● **Task statement**
Each line below should be written out exactly, with none skipped.

● **Data extract**
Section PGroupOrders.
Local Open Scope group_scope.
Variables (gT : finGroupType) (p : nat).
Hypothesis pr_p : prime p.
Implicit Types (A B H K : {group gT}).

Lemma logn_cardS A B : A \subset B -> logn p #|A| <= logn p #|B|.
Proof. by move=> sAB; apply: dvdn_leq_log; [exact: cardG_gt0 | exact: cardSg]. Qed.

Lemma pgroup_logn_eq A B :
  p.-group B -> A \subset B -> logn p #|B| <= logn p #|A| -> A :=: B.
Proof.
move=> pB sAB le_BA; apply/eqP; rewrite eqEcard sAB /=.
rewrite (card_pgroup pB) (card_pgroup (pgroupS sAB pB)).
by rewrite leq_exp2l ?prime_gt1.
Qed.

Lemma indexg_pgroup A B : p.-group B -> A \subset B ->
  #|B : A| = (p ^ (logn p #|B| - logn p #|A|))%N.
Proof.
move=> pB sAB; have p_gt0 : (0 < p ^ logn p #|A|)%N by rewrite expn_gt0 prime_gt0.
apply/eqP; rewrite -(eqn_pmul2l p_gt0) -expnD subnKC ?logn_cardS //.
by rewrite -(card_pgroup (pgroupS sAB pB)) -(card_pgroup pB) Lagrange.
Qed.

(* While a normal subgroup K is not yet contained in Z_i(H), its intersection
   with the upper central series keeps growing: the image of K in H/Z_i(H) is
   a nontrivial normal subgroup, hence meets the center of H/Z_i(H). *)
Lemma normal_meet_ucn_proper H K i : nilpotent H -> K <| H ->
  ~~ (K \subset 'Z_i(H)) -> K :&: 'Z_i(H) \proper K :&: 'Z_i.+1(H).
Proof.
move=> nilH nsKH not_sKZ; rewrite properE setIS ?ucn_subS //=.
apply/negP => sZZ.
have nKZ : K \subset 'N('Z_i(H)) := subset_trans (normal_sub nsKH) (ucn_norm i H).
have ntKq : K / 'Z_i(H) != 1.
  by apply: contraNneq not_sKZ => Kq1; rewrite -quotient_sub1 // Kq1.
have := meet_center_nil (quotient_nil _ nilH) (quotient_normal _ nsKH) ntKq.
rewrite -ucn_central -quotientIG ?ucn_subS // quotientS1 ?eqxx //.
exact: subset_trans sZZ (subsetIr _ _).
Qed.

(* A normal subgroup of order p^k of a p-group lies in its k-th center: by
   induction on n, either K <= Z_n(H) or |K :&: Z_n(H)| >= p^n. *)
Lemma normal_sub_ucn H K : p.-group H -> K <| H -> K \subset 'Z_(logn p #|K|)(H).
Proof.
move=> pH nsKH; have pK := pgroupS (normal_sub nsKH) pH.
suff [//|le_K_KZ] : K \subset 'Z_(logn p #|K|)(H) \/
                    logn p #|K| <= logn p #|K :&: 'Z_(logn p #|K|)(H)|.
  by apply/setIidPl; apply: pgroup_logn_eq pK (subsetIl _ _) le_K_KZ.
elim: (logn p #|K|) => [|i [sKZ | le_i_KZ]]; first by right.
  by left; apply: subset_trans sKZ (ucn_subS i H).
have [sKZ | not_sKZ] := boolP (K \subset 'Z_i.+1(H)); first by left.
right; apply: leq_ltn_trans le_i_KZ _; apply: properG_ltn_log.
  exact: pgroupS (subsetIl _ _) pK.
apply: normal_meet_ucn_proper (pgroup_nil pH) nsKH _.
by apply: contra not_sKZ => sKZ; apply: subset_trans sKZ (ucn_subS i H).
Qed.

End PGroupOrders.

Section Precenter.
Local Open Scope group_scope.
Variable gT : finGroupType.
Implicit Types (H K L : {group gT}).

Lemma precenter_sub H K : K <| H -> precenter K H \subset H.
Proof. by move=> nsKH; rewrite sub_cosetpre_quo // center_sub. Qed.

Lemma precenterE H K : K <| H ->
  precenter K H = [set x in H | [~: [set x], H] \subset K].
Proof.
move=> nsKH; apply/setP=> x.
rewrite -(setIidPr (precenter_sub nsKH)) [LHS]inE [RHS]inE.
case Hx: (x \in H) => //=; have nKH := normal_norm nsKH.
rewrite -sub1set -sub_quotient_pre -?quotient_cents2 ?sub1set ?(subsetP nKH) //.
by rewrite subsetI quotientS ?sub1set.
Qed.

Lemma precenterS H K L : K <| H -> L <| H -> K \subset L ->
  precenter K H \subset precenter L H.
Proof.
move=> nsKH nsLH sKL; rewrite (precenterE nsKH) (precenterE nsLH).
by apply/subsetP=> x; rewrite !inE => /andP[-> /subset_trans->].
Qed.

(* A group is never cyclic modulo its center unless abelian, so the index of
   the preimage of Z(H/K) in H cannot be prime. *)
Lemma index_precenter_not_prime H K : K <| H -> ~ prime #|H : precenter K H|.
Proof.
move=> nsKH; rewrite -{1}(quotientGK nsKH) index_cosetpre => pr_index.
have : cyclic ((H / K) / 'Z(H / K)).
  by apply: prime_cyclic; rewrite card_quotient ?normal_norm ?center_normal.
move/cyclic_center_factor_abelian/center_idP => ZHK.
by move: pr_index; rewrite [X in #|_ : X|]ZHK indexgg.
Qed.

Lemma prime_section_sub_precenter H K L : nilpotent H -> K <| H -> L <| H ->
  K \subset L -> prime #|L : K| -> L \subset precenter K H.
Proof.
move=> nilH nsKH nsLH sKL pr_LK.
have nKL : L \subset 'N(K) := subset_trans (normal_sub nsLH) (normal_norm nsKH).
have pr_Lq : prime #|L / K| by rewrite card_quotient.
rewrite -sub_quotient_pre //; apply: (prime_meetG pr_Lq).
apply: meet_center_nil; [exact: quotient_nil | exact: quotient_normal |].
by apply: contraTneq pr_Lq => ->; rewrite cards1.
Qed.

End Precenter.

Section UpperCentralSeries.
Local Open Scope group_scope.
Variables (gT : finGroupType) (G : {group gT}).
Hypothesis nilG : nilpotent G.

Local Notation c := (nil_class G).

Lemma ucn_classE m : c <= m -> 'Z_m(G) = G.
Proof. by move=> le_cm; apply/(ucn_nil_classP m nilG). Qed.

● **Result**
Section PGroupOrders.
Local Open Scope group_scope.
Variables (gT : finGroupType) (p : nat).
Hypothesis pr_p : prime p.
Implicit Types (A B H K : {group gT}).

Lemma logn_cardS A B : A \subset B -> logn p #|A| <= logn p #|B|.
Proof. by move=> sAB; apply: dvdn_leq_log; [exact: cardG_gt0 | exact: cardSg]. Qed.

Lemma pgroup_logn_eq A B :
  p.-group B -> A \subset B -> logn p #|B| <= logn p #|A| -> A :=: B.
Proof.
move=> pB sAB le_BA; apply/eqP; rewrite eqEcard sAB /=.
rewrite (card_pgroup pB) (card_pgroup (pgroupS sAB pB)).
by rewrite leq_exp2l ?prime_gt1.
Qed.

Lemma indexg_pgroup A B : p.-group B -> A \subset B ->
  #|B : A| = (p ^ (logn p #|B| - logn p #|A|))%N.
Proof.
move=> pB sAB; have p_gt0 : (0 < p ^ logn p #|A|)%N by rewrite expn_gt0 prime_gt0.
apply/eqP; rewrite -(eqn_pmul2l p_gt0) -expnD subnKC ?logn_cardS //.
by rewrite -(card_pgroup (pgroupS sAB pB)) -(card_pgroup pB) Lagrange.
Qed.

(* While a normal subgroup K is not yet contained in Z_i(H), its intersection
   with the upper central series keeps growing: the image of K in H/Z_i(H) is
   a nontrivial normal subgroup, hence meets the center of H/Z_i(H). *)
Lemma normal_meet_ucn_proper H K i : nilpotent H -> K <| H ->
  ~~ (K \subset 'Z_i(H)) -> K :&: 'Z_i(H) \proper K :&: 'Z_i.+1(H).
Proof.
move=> nilH nsKH not_sKZ; rewrite properE setIS ?ucn_subS //=.
apply/negP => sZZ.
have nKZ : K \subset 'N('Z_i(H)) := subset_trans (normal_sub nsKH) (ucn_norm i H).
have ntKq : K / 'Z_i(H) != 1.
  by apply: contraNneq not_sKZ => Kq1; rewrite -quotient_sub1 // Kq1.
have := meet_center_nil (quotient_nil _ nilH) (quotient_normal _ nsKH) ntKq.
rewrite -ucn_central -quotientIG ?ucn_subS // quotientS1 ?eqxx //.
exact: subset_trans sZZ (subsetIr _ _).
Qed.

(* A normal subgroup of order p^k of a p-group lies in its k-th center: by
   induction on n, either K <= Z_n(H) or |K :&: Z_n(H)| >= p^n. *)
Lemma normal_sub_ucn H K : p.-group H -> K <| H -> K \subset 'Z_(logn p #|K|)(H).
Proof.
move=> pH nsKH; have pK := pgroupS (normal_sub nsKH) pH.
suff [//|le_K_KZ] : K \subset 'Z_(logn p #|K|)(H) \/
                    logn p #|K| <= logn p #|K :&: 'Z_(logn p #|K|)(H)|.
  by apply/setIidPl; apply: pgroup_logn_eq pK (subsetIl _ _) le_K_KZ.
elim: (logn p #|K|) => [|i [sKZ | le_i_KZ]]; first by right.
  by left; apply: subset_trans sKZ (ucn_subS i H).
have [sKZ | not_sKZ] := boolP (K \subset 'Z_i.+1(H)); first by left.
right; apply: leq_ltn_trans le_i_KZ _; apply: properG_ltn_log.
  exact: pgroupS (subsetIl _ _) pK.
apply: normal_meet_ucn_proper (pgroup_nil pH) nsKH _.
by apply: contra not_sKZ => sKZ; apply: subset_trans sKZ (ucn_subS i H).
Qed.

End PGroupOrders.

Section Precenter.
Local Open Scope group_scope.
Variable gT : finGroupType.
Implicit Types (H K L : {group gT}).

Lemma precenter_sub H K : K <| H -> precenter K H \subset H.
Proof. by move=> nsKH; rewrite sub_cosetpre_quo // center_sub. Qed.

Lemma precenterE H K : K <| H ->
  precenter K H = [set x in H | [~: [set x], H] \subset K].
Proof.
move=> nsKH; apply/setP=> x.
rewrite -(setIidPr (precenter_sub nsKH)) [LHS]inE [RHS]inE.
case Hx: (x \in H) => //=; have nKH := normal_norm nsKH.
rewrite -sub1set -sub_quotient_pre -?quotient_cents2 ?sub1set ?(subsetP nKH) //.
by rewrite subsetI quotientS ?sub1set.
Qed.

Lemma precenterS H K L : K <| H -> L <| H -> K \subset L ->
  precenter K H \subset precenter L H.
Proof.
move=> nsKH nsLH sKL; rewrite (precenterE nsKH) (precenterE nsLH).
by apply/subsetP=> x; rewrite !inE => /andP[-> /subset_trans->].
Qed.

(* A group is never cyclic modulo its center unless abelian, so the index of
   the preimage of Z(H/K) in H cannot be prime. *)
Lemma index_precenter_not_prime H K : K <| H -> ~ prime #|H : precenter K H|.
Proof.
move=> nsKH; rewrite -{1}(quotientGK nsKH) index_cosetpre => pr_index.
have : cyclic ((H / K) / 'Z(H / K)).
  by apply: prime_cyclic; rewrite card_quotient ?normal_norm ?center_normal.
move/cyclic_center_factor_abelian/center_idP => ZHK.
by move: pr_index; rewrite [X in #|_ : X|]ZHK indexgg.
Qed.

Lemma prime_section_sub_precenter H K L : nilpotent H -> K <| H -> L <| H ->
  K \subset L -> prime #|L : K| -> L \subset precenter K H.
Proof.
move=> nilH nsKH nsLH sKL pr_LK.
have nKL : L \subset 'N(K) := subset_trans (normal_sub nsLH) (normal_norm nsKH).
have pr_Lq : prime #|L / K| by rewrite card_quotient.
rewrite -sub_quotient_pre //; apply: (prime_meetG pr_Lq).
apply: meet_center_nil; [exact: quotient_nil | exact: quotient_normal |].
by apply: contraTneq pr_Lq => ->; rewrite cards1.
Qed.

End Precenter.

Section UpperCentralSeries.
Local Open Scope group_scope.
Variables (gT : finGroupType) (G : {group gT}).
Hypothesis nilG : nilpotent G.

Local Notation c := (nil_class G).

Lemma ucn_classE m : c <= m -> 'Z_m(G) = G.
Proof. by move=> le_cm; apply/(ucn_nil_classP m nilG). Qed.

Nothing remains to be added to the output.